Figure 7 shows skin specimen from the positive control group (group 1) exhibited epidermal re-epithelialization (green arrow) 52.3±0.4 μm with the regeneration of the appendages ≥5/wound area (score 3) (evidenced by H&E staining ×100). The dermis was formed predominantly of collagen fibers and fibrous tissue 95.3±3.2% (remodeling phase) (highlighted by the Masson’s trichrome stain ×100). The granulation tissue was minimal and formed of few newly formed blood vessels 6±2.1/HPF, few myofibroblasts 7±1.2/HPF (highlighted by the immunohistochemistry for α-SMA, ×400), and few lymphocytes 6±2.0/HPF (highlighted by the immunohistochemistry for CD-45, ×400). Skin specimen from the negative control group (group 2) showed extensive epidermal ulceration and crust formation 34±3.2, lacking skin appendages (H&E staining ×100). The dermis showed an excessive number of inflammatory cells (inflammatory phase) and a minimal amount of fibrous tissue (highlighted by the Masson’s trichrome stain ×100) 2.1±0.3%. The granulation tissue was formed of newly formed blood vessels 25±2/HPF, myofibroblasts 20.4±2.5/HPF (highlighted by the immunohistochemistry for α-SMA, ×400), and an increased number of lymphocytes 78±4.2/HPF (highlighted by the immunohistochemistry for CD-45, ×400). Skin specimen from gentamicin treated group (group 3) showed epidermis ulceration, lacking skin appendages (evidenced by H&E staining ×100). The dermis demonstrated the inflammatory healing phase formed of few amounts of fibrous tissue (highlighted by the Masson’s trichrome stain ×100) 7.8±3.5%, an increased amount of granulation tissue formed of newly formed blood vessels 40±1.6/HPF, myofibroblasts 32±6.3/HPF (highlighted by the immunohistochemistry for α-SMA, ×400), and the number of lymphocytes 40±3.7/HPF (highlighted by the immunohistochemistry for CD-45, ×400). Skin specimen from multiple phage doses treatment (group 4) showed epidermal re-epithelialization of thick epidermis 61.2±1.2 μm with the regeneration of the skin appendages ≥5/wound area (score 3), (evidenced by H&E staining ×100). The dermis demonstrated the remodeling phase of wound healing formed mainly of collagen fibers 99±0.6% (highlighted by the Masson’s trichrome stain ×100) and a minimal amount of granulation tissue formed of newly formed blood vessels 2±0.4/HPF, myofibroblasts 1.4±0.3/HPF (highlighted by the immunohistochemistry for α-SMA, ×400), and lymphocytes 3±0.3/HPF (highlighted by the immunohistochemistry for CD-45, ×400).

Fig. 7
figure 7

Representative histopathological images of wound tissues on day 17. A Hematoxylin and eosin (H&E) staining, ×100, Masson Trichrome stain, ×100, and B IHC by using α-SMA and CD-45, ×400 (skin adnexa; white arrow, skin ulceration; black arrow, epidermis; green arrow, blood vessels; red arrow, myofibroblasts; blue arrow, lymphocytes; yellow arrow)

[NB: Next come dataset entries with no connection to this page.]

Lemma is_derive_Series2_dominated (b b' : nat -> nat -> R -> R) (u : nat -> R) (K t : R)
    (r : posreal) :
  ex_series u ->
  (forall i j x, Boule t r x -> is_derive (b i j) x (b' i j x)) ->
  (forall i j x, Boule t r x -> Rabs (b i j x) <= K * u i * u j) ->
  (forall i j x, Boule t r x -> Rabs (b' i j x) <= K * u i * u j) ->
  is_derive (fun x => Series (fun i => Series (fun j => b i j x))) t
    (Series (fun i => Series (fun j => b' i j t))).
Proof.
  intros Hu Hd Hb Hb'.
  apply (is_derive_Series_dominated (fun i x => Series (fun j => b i j x))
           (fun i x => Series (fun j => b' i j x)) (fun i => K * Series u * u i) t r).
  - exact (ex_series_scal_l (K * Series u) u Hu).
  - intros i x Hx.
    apply (is_derive_Series_dominated (b i) (b' i) (fun j => K * u i * u j) t r); auto.
    exact (ex_series_scal_l (K * u i) u Hu).
  - intros i x Hx. apply Series_abs_le_prod; auto.
  - intros i x Hx. apply Series_abs_le_prod; auto.
  - unfold Boule. rewrite Rminus_eq_0, Rabs_R0. apply cond_pos.
Qed.

(** * Poisson weights *)

Definition lag (f : nat -> R) (k : nat) : R :=
  match k with O => 0 | S k => f k end.

Lemma ex_series_lag (f : nat -> R) : ex_series f -> ex_series (lag f).
Proof. intros Hf. now apply ex_series_incr_1. Qed.

Lemma is_derive_pois (l : R) (k : nat) :
  is_derive (fun x => pois x k) l (lag (pois l) k - pois l k).
Proof.
  unfold pois. destruct k as [|k]; auto_derive; auto; simpl lag.
  - simpl. field.
  - change (match k with O => 1 | S _ => INR k + 1 end) with (INR (S k)).
    change (INR (fact k + k * fact k)) with (INR (fact (S k))).
    rewrite fact_simpl, mult_INR. simpl pow.
    assert (INR (fact k) <> 0) by apply INR_fact_neq_0.
    assert (INR (S k) <> 0) by (apply not_0_INR; lia).
    field; auto.
Qed.

Lemma is_derive_pois_decay (beta t : R) (k : nat) :
  is_derive (fun s => pois (beta * (1 - s)) k) t
    (beta * (pois (beta * (1 - t)) k - lag (pois (beta * (1 - t))) k)).
Proof.
  assert (Hl : is_derive (fun s => beta * (1 - s)) t (- beta)) by (auto_derive; auto; ring).
  replace (beta * _) with (scal (- beta) (lag (pois (beta * (1 - t))) k - pois (beta * (1 - t)) k))
    by (unfold scal; simpl; unfold mult; simpl; ring).
  exact (is_derive_comp _ _ t _ _ (is_derive_pois _ k) Hl).
Qed.
Lemma frakf_decompositions n m : frakf n m.+1 = size (decompositions n m).
Proof.
rewrite -size_fwords; symmetry.
apply: (@uniq_size_bij _ _ _ _ (glue m) (split_at_max m)) => [||d|w|d|w].
- exact: decompositions_uniq.
- exact: fwords_uniq.
- exact: glue_in_fwords.
- by rewrite mem_fwords => /andP[fw /eqP <-]; apply: split_at_max_in.
- exact: split_at_maxK.
- by rewrite mem_fwords => /andP[fw _]; apply: glue_split_at_max.
Qed.

Lemma frakf_rec n k : 0 < k ->
  frakf n k = \sum_(1 <= p < n.+1) \sum_(0 <= q < k)
                frakf p.-1 q * (frakf (n - p) (k - q) + frakf (n - p) (k - q).-1).
Proof.
case: k => // m _; rewrite frakf_decompositions size_allpairs_dep sumnE big_map.
rewrite big_allpairs /index_iota subSS !subn0.
apply: eq_bigr => p _; apply: eq_bigr => q _.
by rewrite size_allpairs size_allpairs_dep /= !size_fwords subn0 subn1 addn0.
Qed.

Definition frakf_conv n k :=
  \sum_(i < n.+1) \sum_(j < k.+1) frakf i j * frakf (n - i) (k - j).

Lemma frakf_conv_rec n k :
  frakf_conv n k.+1 + frakf_conv n k = frakf n k.+1 + frakf n.+1 k.+1.
Proof.
have last_col : \sum_(i < n.+1) frakf i k.+1 * frakf (n - i) 0 = frakf n k.+1.
  rewrite big_ord_recr /= subnn frakfn0 muln1 big1 // => i _.
  by rewrite frakfn0 subn_eq0 leqNgt ltn_ord muln0.
rewrite /frakf_conv; under eq_bigr do rewrite big_ord_recr /= subnn.
rewrite big_split /= last_col addnAC addnC; congr (_ + _).
rewrite (frakf_rec n.+1 (ltn0Sn k)) big_add1 /= big_mkord -big_split /=.
apply: eq_bigr => i _; rewrite big_mkord -big_split /=.
by apply: eq_bigr => j _; rewrite subSS mulnDr subSn // -ltnS.
Qed.

Lemma frakf_conv_n0 n : frakf_conv n 0 = (n == 0).
Proof.
rewrite /frakf_conv big_ord_recl /= !big_ord1 !frakfn0 subn0 mul1n big1 ?addn0 // => i _.
by rewrite big_ord1 !frakfn0.
Qed.

Section GeneratingFunction.

Local Open Scope ring_scope.

Definition fps_monomial (a b : nat) : fps := fun n k => ((n == a) && (k == b))%:R.

Lemma fps_mul_monomial a b (A : fps) n k : fps_mul (fps_monomial a b) A n k =
  if (a <= n)%N && (b <= k)%N then A (n - a)%N (k - b)%N else 0.
Proof.
rewrite /fps_mul /fps_monomial.
transitivity (\sum_(i < n.+1 | i == a :> nat) \sum_(j < k.+1 | j == b :> nat)
                 A (n - i)%N (k - j)%N).
  rewrite [RHS]big_mkcond; apply: eq_bigr => i _ /=.
  case: (i == a :> nat) => /=; last by rewrite big1 // => j _; rewrite mul0r.
  rewrite [RHS]big_mkcond; apply: eq_bigr => j _ /=.
  by case: (j == b :> nat); rewrite /= ?mul1r ?mul0r.
rewrite (big_ord1_eq _ (fun i => \sum_(j < k.+1 | j == b :> nat) A (n - i)%N (k - j)%N)).
rewrite (big_ord1_eq _ (fun j => A (n - a)%N (k - j)%N)) !ltnS.
by case: (a <= n)%N; case: (b <= k)%N.
Qed.

Lemma eq_fps_mull (A A' B : fps) n k : (forall i j, A i j = A' i j) ->
  fps_mul A B n k = fps_mul A' B n k.
Proof. by move=> AA'; apply: eq_bigr => i _; apply: eq_bigr => j _; rewrite AA'. Qed.

Lemma fps_mulDl (A B C : fps) n k :
  fps_mul (fps_add A B) C n k = fps_mul A C n k + fps_mul B C n k.
Proof.
rewrite /fps_mul -big_split; apply: eq_bigr => i _ /=.
by rewrite -big_split; apply: eq_bigr => j _ /=; rewrite mulrDl.
Qed.

Lemma fps_mul_xy i j : fps_mul fps_x fps_y i j = fps_monomial 1 1 i j.
Proof.
rewrite -[fps_x]/(fps_monomial 1 0) fps_mul_monomial /fps_monomial /fps_y.
by case: i => [|[|i]] //=; case: j => [|[|j]].
Qed.

Lemma fps_mul_genF n k : fps_mul genF genF n k = (frakf_conv n k)%:R.
Proof.
rewrite /fps_mul /frakf_conv natr_sum; apply: eq_bigr => i _.
by rewrite natr_sum; apply: eq_bigr => j _; rewrite natrM !natz.
Qed.

Lemma genF_equation n k :
  fps_add
    (fps_add
       (fps_mul (fps_add fps_x (fps_mul fps_x fps_y)) (fps_mul genF genF))
       (fps_opp (fps_mul (fps_add fps_x fps_one) genF)))
    fps_one n k = 0.
Proof.
rewrite /fps_add /fps_opp !fps_mulDl (eq_fps_mull _ _ _ fps_mul_xy).
rewrite -[fps_x]/(fps_monomial 1 0) -[fps_one]/(fps_monomial 0 0).
rewrite !fps_mul_monomial !fps_mul_genF /genF /fps_monomial.
case: n => [|n]; case: k => [|k]; rewrite !subn0 ?subn1 /= ?addr0 ?add0r.
- by rewrite frakf0n.
- by rewrite frakf0n oppr0.
- by rewrite frakf_conv_n0 !frakfn0; case: n.
- by apply/eqP; rewrite subr_eq0 !natz -!PoszD frakf_conv_rec.
Qed.

End GeneratingFunction.

Theorem mainTheorem4 :
  (forall n k : nat, (1 <= n)%N -> (1 <= k)%N ->
     frakf n k =
     (\sum_(1 <= p < n.+1) \sum_(0 <= q < k)
        frakf p.-1 q * (frakf (n - p) (k - q) + frakf (n - p) (k - q).-1))%N)
  /\
  (forall n k : nat,
     fps_add
       (fps_add
          (fps_mul (fps_add fps_x (fps_mul fps_x fps_y)) (fps_mul genF genF))
          (fps_opp (fps_mul (fps_add fps_x fps_one) genF)))
       fps_one n k = 0%R).
Proof. by split=> [n k _ /frakf_rec|]; last exact: genF_equation. Qed.
Lemma sdprod_nijenhuis_admissibleE {K : fieldType} {g W : lmodType K}
    {mul : g -> g -> g} {N : g -> g} (S : g -> g) {l r : g -> W -> W}
    {al be : W -> W} :
  lin al -> lin be -> nijenhuis_perm_algebra mul N -> representation mul l r ->
  nijenhuis_perm_algebra (sdprod_mul mul l r) (summap N al)
    /\ admissible (sdprod_mul mul l r) (summap N al) (summap S be) <->
  [/\ nij_representation N l r al, admissible mul N S,
      admissible_rep N l r be & compatible S l r al be].
Proof.
move=> Hal Hbe [Hperm [HNlin HN]] Hrep.
have [[Hl Hr _ _] _] := Hrep.
rewrite sdprod_admissibleE //; split.
- by move=> [[_ [_ /(sdprod_nijenhuisE Hl Hr Hal HN) Hal']] [HS Hb Hd]].
- move=> [Hal' HS Hb Hd]; split=> //; split; first exact: sdprod_perm_algebra.
  by split; [exact: lin_summap | exact/(sdprod_nijenhuisE Hl Hr Hal HN)].
Qed.

Lemma dualv_separates {K : fieldType} {V : vectType K} (w : V) :
  (forall f : dualv V, f w = 0) -> w = 0.
Proof.
move=> Hw; rewrite (coord_vbasis (memvf w)); apply: big1 => i _.
have := Hw (linfun (coord (vbasis fullv) i : V -> K^o)).
by rewrite lfunE /= => ->; rewrite scale0r.
Qed.

Definition lfE := (add_lfunE, scale_lfunE, comp_lfunE, opp_lfunE, zero_lfunE).

Section DualRepresentation.
Set Implicit Arguments.
Unset Strict Implicit.
Variables (K : fieldType) (g : lmodType K) (V : vectType K) (mul : g -> g -> g)
  (l r : g -> 'End(V)).

Definition ldual x (f : dualv V) := dualmap (r x) f - dualmap (l x) f.
Definition rdual x (f : dualv V) := dualmap (r x) f.
(* Let $(\mathbf X,\mathbf Y)$ be a general correlated source which is uniformly integrable and satisfies the conditional strong converse property $\underline H(\mathbf X|\mathbf Y)=\overline H(\mathbf X|\mathbf Y)$. Then the limit $H(\mathbf X|\mathbf Y)=\lim_{n\to\infty}\frac1nH(X^n|Y^n)$ exists, and for any $\varepsilon\in(0,1)$, \[\lim_{n\to\infty}\frac1n\overline H_s^\varepsilon(X^n|Y^n)=H(\mathbf X|\mathbf Y).\]
   Context: A general correlated source $(\mathbf X,\mathbf Y)=\{(X^n,Y^n)\}_{n\ge1}$ is an arbitrary sequence of pairs of random variables on $\mathcal X^n\times\mathcal Y^n$, $\mathcal X,\mathcal Y$ finite or countably infinite (no structural assumptions; marginal probabilities positive). Logs base 2. Uniformly integrable: $Z_n=\frac1n\log\frac1{P_{X^n|Y^n}(X^n|Y^n)}$ satisfies $\lim_{u\to\infty}\sup_n\sum_{z:|z|\ge u}P_{Z_n}(z)|z|=0$. $\overline H(\mathbf X|\mathbf Y)=\inf\{\alpha:\lim_n\Pr\{Z_n>\alpha\}=0\}$, $\underline H(\mathbf X|\mathbf Y)=\sup\{\beta:\lim_n\Pr\{Z_n<\beta\}=0\}$. For $x^n$ and $\varepsilon\in(0,1]$, $\overline h^\varepsilon(x^n)=\inf\{a\in\mathbb R:\sum_{y^n:\log(1/P_{X^n|Y^n}(x^n|y^n))>a}P_{Y^n|X^n}(y^n|x^n)\le\varepsilon\}$ and $\overline H_s^\varepsilon(X^n|Y^n)=\sum_{x^n}P_{X^n}(x^n)\overline h^\varepsilon(x^n)$. *)

From HB Require Import structures.
From mathcomp Require Import all_boot all_order all_algebra.
From mathcomp Require Import all_classical all_reals all_analysis.
Set Implicit Arguments. Unset Strict Implicit. Unset Printing Implicit Defensive.
Import Order.TTheory GRing.Theory Num.Theory.
Import numFieldNormedType.Exports.
Local Open Scope classical_set_scope.
Local Open Scope ring_scope.

Section Defs.
Variable R : realType.
Variables X Y : countType.

(* A general correlated source: for each n, a joint pmf on X^n * Y^n. *)
Definition source := forall n : nat, n.-tuple X * n.-tuple Y -> R.

Definition is_source (P : source) : Prop :=
  forall n, (forall w, 0 <= P n w) /\ \esum_(w in [set: n.-tuple X * n.-tuple Y]) (P n w)%:E = 1%E.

Skin specimen from single phage dose treatment (group 5) displayed the epidermal re-epithelialization of thick epidermis 58±1.8 μm with the regeneration of the skin appendages ≥5/wound area (score 3) (evidenced by H&E staining ×100). The dermis was in the remodeling phase of wound healing, formed mainly of collagen fibers (highlighted by the Masson’s trichrome stain ×100) 97.3±2.3%, and a minimal amount of granulation tissue formed of newly formed blood vessels, 4±1/HPF, myofibroblasts 3±1.4/HPF, (highlighted by the immunohistochemistry for α-SMA, ×400), and lymphocytes 5±2.2/HPF (highlighted by the immunohistochemistry for CD-45, ×400).

Discussion

Due to the misuse of antibiotics in clinical therapy, bacteria have evolved resistance against most commercial antibiotics. Many studies have demonstrated that phages are one of the most potent weapons for eradicating P. aeruginosa biofilms and planktonic cells due to their natural abundance, specificity, and safety [65].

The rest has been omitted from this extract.